심층 네트워크의 성공적인 훈련에는 수천 개의 주석이 달린 훈련 샘플이 필요하다는 데 큰 동의가 있다. 본 논문에서는 주석이 달린 사용 가능한 샘플을 보다 효율적으로 사용하기 위해 데이터 확장의 강력한 사용에 의존하는 네트워크 및 훈련 전략을 제시한다. 아키텍처는 컨텍스트를 캡처하기 위한 수축 경로와 정확한 현지화를 가능하게 하는 대칭 확장 경로로 구성된다. 우리는 그러한 네트워크가 극소수의 이미지에서 종단 간으로 훈련될 수 있으며 전자 현미경 스택에서 신경 구조의 분할을 위한 ISBI 과제에서 이전의 최선의 방법(슬라이딩 윈도우 컨볼루션 네트워크)을 능가한다는 것을 보여준다. 전송된 광 현미경 이미지(위상 대비 및 DIC)에 대해 훈련된 동일한 네트워크를 사용하여 이러한 범주에서 ISBI 세포 추적 챌린지 2015에서 큰 차이로 우승했다. 게다가, 네트워크는 빠르다. 최근 GPU에서 512x480 이미지를 분할하는 데 1초도 걸리지 않는다. 전체 구현(Caffe 기반)과 훈련된 네트워크는 http://lmb.informatik.uni-freiburg.de/people/ronneber/u-net))에서 사용할 수 있다.
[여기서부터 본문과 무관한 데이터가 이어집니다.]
Lemma y1_closed_form (lam : nat -> R) (a b : nat -> nat -> nat -> R) (th z : R) :
  a 1%nat 1%nat 3%nat = b 1%nat 0%nat 4%nat ->
  a 1%nat 3%nat 1%nat = b 1%nat 2%nat 2%nat ->
  b 1%nat 4%nat 0%nat = 0 ->
  lam 1%nat = 0 -> 0 < z -> 3 * z ^ 3 < 1 ->
  y1 lam a b th z = Ysol th z * primitive a b z th.
Proof.
  intros H1 H2 H3 Hl Hz Hz3.
  assert (Hz0 : z <> 0) by lra.
  pose proof (fun x => orbit_factor_pos z x Hz Hz3) as Hu.
  assert (Hcont : forall x, continuous (integrand a b z) x).
  { intros x. apply (ex_derive_continuous (integrand a b z)).
    unfold integrand, quartic. specialize (Hu x). auto_derive. lra. }
  unfold y1. f_equal.
  rewrite (RInt_ext _ (integrand a b z))
    by (intros x _; apply integrand_along_orbit; auto).
  rewrite (is_RInt_unique _ _ _ _ (is_RInt_derive (primitive a b z) _ 0 th
            (fun x _ => primitive_derive a b z x H1 H2 H3 Hz0 (Hu x))
            (fun x _ => Hcont x))).
  change (minus ?u ?v) with (u - v).
  rewrite primitive_at_0 by exact Hz0. apply Rminus_0_r.
Qed.

Definition poly_deg_le (N : nat) (f : R -> R -> R) : Prop :=
  exists c : nat -> nat -> nat -> R, forall th z,
    f th z = sum_f_R0 (fun i => sum_f_R0 (fun j => sum_f_R0 (fun k =>
                c i j k * cos th ^ i * sin th ^ j * z ^ k) N) N) N.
$1\;\mathbf{Introduction}$

In the last two years, deep convolutional networks have outperformed the state of the art in many visual recognition tasks, e.g. [7,3]. While convolutional networks have already existed for a long time [8], their success was limited due to the size of the available training sets and the size of the considered networks. The breakthrough by Krizhevsky et al. [7] was due to supervised training of a large network with 8 layers and millions of parameters on the ImageNet dataset with 1 million training images. Since then, even larger and deeper networks have been trained [12].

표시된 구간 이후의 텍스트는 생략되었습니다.